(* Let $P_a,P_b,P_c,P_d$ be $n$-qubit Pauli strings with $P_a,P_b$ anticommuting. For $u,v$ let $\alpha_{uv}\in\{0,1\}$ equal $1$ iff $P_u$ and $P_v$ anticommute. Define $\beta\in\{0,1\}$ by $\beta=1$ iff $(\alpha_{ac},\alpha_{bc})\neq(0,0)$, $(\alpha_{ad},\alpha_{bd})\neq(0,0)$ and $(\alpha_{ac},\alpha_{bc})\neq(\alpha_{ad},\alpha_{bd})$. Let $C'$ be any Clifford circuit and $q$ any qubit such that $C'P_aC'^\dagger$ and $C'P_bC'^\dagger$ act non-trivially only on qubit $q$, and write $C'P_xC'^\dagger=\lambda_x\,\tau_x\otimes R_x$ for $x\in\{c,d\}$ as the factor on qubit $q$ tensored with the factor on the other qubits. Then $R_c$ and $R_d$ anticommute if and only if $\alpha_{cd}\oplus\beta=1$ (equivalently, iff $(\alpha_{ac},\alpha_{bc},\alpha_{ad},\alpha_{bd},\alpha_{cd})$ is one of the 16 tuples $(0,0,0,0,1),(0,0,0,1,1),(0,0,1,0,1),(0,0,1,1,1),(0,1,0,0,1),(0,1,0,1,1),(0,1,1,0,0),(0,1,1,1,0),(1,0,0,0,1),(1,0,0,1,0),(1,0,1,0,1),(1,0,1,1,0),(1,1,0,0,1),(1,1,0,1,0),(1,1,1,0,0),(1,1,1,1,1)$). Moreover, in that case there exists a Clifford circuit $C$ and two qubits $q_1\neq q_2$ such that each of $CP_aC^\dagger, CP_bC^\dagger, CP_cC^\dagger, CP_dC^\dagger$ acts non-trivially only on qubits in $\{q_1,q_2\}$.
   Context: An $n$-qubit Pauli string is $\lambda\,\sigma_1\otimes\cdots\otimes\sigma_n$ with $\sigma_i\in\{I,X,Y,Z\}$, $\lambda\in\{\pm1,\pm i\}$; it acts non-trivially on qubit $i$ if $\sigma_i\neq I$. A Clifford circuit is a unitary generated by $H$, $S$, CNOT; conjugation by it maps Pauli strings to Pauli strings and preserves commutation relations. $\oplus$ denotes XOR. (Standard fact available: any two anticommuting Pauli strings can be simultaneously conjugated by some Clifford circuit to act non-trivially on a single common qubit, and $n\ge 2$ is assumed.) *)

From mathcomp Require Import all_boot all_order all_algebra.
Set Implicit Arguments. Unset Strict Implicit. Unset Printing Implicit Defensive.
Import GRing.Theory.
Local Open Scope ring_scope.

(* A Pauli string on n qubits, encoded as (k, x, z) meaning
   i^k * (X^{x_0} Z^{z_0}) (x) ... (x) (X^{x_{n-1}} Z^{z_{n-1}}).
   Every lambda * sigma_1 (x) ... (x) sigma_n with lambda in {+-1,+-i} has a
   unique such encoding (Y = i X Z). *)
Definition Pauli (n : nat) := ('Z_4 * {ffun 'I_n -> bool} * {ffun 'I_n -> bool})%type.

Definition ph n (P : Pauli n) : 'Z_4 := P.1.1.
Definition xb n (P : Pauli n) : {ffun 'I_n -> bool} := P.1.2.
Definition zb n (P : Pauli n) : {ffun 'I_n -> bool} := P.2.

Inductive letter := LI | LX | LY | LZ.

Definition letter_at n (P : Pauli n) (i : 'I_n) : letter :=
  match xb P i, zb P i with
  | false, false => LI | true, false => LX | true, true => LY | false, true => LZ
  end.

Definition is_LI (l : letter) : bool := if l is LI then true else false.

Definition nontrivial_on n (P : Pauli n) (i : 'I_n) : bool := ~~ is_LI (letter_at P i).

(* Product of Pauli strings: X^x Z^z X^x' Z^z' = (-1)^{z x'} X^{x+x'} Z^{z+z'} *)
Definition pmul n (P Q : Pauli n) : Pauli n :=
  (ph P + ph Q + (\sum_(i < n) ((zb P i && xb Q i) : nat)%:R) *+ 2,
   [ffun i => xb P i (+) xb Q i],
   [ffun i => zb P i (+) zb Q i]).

□ □ □ □

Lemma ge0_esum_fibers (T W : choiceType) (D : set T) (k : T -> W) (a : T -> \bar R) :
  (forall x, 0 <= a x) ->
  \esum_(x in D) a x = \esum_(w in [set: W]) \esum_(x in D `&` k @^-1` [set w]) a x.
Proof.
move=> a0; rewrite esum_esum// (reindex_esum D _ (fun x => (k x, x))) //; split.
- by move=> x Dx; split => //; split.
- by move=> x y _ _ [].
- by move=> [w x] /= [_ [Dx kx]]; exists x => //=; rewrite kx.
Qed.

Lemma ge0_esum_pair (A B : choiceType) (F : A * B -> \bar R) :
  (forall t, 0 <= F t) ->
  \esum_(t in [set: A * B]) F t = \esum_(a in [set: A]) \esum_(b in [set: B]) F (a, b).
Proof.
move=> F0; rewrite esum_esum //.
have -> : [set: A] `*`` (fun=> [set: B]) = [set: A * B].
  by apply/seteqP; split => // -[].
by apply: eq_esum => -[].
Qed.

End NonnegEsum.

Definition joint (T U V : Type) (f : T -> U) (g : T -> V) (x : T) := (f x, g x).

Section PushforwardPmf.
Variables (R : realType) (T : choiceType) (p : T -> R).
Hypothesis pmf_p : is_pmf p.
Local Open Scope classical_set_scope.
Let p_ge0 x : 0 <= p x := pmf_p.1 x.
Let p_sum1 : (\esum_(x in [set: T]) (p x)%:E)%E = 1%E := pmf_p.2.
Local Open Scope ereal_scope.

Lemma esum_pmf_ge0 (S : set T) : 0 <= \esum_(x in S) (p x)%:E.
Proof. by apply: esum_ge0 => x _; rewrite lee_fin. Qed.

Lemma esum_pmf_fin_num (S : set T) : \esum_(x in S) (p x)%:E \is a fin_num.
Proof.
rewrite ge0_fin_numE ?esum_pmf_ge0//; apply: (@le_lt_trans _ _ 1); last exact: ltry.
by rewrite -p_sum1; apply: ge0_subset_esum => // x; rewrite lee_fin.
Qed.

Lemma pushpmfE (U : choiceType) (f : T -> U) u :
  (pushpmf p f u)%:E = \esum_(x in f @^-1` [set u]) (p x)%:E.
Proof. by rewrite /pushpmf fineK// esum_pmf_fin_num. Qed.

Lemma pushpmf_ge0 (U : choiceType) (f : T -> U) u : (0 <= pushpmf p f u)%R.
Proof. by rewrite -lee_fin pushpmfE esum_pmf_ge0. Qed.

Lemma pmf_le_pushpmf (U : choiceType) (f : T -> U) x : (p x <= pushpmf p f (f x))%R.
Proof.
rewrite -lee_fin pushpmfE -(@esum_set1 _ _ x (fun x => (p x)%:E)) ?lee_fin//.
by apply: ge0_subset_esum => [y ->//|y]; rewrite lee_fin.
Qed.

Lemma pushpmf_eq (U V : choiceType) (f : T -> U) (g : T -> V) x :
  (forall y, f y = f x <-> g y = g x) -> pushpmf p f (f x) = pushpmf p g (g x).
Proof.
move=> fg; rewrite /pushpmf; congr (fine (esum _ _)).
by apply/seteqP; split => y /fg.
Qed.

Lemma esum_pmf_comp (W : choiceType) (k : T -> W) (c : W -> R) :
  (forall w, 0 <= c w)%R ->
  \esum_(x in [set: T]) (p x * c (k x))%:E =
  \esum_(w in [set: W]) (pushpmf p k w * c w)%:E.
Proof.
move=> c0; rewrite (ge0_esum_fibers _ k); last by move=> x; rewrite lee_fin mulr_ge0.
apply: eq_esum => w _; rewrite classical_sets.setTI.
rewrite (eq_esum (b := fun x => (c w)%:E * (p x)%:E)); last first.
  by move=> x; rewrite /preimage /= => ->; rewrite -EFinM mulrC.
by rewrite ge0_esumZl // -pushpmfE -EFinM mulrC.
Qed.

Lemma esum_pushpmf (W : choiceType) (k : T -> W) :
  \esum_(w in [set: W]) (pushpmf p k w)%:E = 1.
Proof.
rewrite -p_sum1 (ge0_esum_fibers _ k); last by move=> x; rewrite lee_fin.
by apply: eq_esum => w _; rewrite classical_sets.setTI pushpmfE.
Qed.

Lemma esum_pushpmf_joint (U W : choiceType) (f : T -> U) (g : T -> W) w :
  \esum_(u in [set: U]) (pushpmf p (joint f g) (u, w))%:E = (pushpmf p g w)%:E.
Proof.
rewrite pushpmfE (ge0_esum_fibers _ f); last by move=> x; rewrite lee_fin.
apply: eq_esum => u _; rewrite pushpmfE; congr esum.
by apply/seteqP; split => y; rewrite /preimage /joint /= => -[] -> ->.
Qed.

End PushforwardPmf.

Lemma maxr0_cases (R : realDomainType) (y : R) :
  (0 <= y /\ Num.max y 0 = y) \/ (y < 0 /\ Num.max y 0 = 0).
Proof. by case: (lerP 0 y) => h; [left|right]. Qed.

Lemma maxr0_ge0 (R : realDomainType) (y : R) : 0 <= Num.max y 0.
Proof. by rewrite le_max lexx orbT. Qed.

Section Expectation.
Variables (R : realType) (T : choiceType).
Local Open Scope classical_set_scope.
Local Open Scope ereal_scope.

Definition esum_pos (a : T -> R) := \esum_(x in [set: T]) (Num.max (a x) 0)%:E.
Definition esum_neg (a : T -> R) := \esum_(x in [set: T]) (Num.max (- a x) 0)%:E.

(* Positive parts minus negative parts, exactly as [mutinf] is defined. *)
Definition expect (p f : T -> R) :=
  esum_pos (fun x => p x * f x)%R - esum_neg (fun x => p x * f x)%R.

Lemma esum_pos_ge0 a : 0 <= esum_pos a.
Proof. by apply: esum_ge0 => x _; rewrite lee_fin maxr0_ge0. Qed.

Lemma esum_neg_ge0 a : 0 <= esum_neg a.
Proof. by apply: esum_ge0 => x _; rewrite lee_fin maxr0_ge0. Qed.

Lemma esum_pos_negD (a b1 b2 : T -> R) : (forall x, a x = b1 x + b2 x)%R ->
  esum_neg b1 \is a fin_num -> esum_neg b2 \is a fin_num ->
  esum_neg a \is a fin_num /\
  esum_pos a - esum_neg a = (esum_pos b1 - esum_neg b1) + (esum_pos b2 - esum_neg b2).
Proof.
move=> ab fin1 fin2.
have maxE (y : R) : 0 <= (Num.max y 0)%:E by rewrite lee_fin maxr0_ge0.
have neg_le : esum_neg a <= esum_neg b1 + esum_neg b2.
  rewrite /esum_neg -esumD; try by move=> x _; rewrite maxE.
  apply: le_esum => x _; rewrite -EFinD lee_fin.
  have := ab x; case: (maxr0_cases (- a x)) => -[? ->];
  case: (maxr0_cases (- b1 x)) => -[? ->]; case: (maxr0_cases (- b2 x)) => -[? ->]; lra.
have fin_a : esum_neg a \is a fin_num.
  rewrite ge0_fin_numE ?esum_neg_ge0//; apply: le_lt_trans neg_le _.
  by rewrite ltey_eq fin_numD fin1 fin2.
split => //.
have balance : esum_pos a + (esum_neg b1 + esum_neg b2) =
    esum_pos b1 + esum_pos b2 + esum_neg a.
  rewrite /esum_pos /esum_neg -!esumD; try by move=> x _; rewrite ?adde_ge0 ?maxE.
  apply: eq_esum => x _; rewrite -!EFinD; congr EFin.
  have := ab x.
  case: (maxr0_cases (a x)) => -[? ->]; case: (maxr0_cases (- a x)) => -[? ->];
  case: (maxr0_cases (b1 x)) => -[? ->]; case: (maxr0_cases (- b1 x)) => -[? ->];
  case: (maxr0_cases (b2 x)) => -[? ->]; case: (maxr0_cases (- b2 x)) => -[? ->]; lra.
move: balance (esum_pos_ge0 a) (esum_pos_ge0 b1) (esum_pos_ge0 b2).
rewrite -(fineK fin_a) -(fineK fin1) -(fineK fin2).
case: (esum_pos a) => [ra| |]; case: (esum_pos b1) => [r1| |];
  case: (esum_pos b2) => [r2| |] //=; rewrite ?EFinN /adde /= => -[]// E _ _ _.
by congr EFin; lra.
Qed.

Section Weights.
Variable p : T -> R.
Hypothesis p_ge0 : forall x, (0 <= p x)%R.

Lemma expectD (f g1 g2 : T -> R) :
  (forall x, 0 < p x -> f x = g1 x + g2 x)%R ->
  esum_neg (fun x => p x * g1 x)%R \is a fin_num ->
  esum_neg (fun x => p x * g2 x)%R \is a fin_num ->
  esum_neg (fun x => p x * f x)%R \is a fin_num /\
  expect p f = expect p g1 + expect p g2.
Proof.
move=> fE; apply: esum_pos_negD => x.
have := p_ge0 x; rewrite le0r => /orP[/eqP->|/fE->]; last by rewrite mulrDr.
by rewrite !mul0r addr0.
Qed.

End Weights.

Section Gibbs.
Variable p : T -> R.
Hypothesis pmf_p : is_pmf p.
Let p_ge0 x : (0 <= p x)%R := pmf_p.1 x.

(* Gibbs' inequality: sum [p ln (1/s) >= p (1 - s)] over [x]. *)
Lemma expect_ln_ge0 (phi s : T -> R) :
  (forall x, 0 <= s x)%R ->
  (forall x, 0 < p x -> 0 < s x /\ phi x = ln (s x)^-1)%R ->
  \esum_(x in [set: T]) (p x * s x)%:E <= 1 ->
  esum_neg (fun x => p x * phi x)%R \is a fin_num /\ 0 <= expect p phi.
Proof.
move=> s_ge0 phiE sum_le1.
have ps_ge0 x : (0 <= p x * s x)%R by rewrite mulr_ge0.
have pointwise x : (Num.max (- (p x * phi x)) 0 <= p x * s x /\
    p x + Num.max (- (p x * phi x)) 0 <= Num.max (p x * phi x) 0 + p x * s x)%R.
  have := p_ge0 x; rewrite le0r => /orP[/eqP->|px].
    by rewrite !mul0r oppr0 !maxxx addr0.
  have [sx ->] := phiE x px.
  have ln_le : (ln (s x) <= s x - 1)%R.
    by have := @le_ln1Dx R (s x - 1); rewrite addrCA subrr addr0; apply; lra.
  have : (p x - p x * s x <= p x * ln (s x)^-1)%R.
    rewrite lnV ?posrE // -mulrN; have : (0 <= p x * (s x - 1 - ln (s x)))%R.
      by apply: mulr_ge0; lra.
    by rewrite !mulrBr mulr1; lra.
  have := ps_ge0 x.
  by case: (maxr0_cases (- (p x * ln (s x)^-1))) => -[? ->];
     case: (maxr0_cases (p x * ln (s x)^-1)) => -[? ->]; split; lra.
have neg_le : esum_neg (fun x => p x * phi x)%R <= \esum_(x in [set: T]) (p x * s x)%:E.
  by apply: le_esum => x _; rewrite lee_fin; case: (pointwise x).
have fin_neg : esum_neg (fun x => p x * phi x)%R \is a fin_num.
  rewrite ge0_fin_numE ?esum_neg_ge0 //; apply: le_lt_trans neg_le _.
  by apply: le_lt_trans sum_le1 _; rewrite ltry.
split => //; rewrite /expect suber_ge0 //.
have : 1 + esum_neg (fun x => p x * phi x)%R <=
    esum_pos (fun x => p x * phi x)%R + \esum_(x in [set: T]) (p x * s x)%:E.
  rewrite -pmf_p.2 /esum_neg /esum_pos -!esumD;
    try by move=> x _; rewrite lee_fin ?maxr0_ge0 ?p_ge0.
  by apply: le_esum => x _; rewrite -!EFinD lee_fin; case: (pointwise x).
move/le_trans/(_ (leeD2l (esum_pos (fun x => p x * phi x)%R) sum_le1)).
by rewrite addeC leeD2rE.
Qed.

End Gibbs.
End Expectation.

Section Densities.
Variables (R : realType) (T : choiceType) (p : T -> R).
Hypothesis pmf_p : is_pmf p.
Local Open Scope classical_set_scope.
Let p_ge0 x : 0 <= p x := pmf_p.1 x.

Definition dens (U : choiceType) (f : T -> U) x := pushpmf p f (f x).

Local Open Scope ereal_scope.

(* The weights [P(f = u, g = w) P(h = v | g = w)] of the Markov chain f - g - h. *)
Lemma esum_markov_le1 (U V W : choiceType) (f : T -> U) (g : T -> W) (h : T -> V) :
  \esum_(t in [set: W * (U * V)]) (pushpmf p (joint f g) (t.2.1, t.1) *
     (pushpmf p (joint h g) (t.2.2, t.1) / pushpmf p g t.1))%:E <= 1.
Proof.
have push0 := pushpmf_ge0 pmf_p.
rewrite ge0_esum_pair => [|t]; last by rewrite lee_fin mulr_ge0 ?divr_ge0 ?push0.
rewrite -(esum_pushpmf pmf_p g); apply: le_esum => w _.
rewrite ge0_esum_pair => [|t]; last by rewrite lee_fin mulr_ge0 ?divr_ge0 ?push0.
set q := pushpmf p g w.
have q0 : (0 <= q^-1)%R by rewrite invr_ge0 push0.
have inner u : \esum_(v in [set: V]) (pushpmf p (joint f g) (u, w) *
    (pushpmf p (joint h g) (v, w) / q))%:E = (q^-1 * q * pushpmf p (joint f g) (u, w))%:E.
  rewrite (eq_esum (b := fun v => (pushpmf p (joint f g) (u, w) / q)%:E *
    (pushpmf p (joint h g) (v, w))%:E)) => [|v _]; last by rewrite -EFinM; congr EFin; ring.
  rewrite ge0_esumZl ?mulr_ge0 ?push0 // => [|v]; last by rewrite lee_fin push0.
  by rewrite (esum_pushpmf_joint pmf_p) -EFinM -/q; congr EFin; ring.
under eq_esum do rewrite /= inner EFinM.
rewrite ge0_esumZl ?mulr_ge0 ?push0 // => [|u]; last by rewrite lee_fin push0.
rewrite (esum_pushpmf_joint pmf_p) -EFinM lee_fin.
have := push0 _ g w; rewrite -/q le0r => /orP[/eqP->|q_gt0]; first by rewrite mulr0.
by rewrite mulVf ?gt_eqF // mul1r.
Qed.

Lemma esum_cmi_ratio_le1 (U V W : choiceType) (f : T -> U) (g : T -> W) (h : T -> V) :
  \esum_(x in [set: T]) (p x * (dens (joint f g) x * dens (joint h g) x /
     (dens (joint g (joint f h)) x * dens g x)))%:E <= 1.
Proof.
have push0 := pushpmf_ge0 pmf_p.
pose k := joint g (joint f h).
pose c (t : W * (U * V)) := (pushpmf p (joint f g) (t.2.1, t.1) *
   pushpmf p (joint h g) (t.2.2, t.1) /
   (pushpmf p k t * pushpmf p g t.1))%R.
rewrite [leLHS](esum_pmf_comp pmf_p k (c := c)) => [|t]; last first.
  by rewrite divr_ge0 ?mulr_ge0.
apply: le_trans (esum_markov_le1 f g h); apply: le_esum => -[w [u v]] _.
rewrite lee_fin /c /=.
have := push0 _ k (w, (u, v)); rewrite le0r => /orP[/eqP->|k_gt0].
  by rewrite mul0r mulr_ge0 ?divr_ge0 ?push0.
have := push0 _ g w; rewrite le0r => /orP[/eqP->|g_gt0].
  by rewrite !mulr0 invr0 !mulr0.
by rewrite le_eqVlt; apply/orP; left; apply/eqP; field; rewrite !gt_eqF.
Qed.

□ □ □ □

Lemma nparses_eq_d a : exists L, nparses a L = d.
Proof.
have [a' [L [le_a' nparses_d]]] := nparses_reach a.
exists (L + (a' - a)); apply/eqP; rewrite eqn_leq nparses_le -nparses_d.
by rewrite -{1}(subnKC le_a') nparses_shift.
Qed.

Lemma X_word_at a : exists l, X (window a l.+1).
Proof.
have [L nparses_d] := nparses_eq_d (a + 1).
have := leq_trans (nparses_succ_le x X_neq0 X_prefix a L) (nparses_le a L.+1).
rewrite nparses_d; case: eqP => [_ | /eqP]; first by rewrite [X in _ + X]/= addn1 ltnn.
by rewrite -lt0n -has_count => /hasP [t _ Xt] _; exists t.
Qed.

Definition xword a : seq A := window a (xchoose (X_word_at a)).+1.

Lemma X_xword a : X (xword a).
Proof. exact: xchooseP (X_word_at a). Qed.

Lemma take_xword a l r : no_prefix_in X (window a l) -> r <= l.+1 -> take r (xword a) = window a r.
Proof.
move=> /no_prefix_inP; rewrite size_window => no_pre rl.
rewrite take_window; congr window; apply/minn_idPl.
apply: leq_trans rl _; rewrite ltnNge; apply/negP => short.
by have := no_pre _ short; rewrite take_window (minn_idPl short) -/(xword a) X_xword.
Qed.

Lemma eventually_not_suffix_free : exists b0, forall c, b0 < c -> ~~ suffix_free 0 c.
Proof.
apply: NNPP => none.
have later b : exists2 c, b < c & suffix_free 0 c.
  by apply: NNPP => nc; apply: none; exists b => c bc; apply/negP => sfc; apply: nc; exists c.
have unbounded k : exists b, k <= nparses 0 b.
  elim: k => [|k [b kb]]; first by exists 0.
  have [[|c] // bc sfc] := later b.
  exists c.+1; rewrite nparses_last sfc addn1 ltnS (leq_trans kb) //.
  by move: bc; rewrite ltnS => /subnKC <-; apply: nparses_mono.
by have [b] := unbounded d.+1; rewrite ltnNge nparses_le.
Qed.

□ □ □ □

Reproduce, word for word and in full, only the lines above that start at the line with "have neg_le : esum_neg (fun" and run through the line with "have fin_neg : esum_neg", both ends included.

have neg_le : esum_neg (fun x => p x * phi x)%R <= \esum_(x in [set: T]) (p x * s x)%:E.
  by apply: le_esum => x _; rewrite lee_fin; case: (pointwise x).
have fin_neg : esum_neg (fun x => p x * phi x)%R \is a fin_num.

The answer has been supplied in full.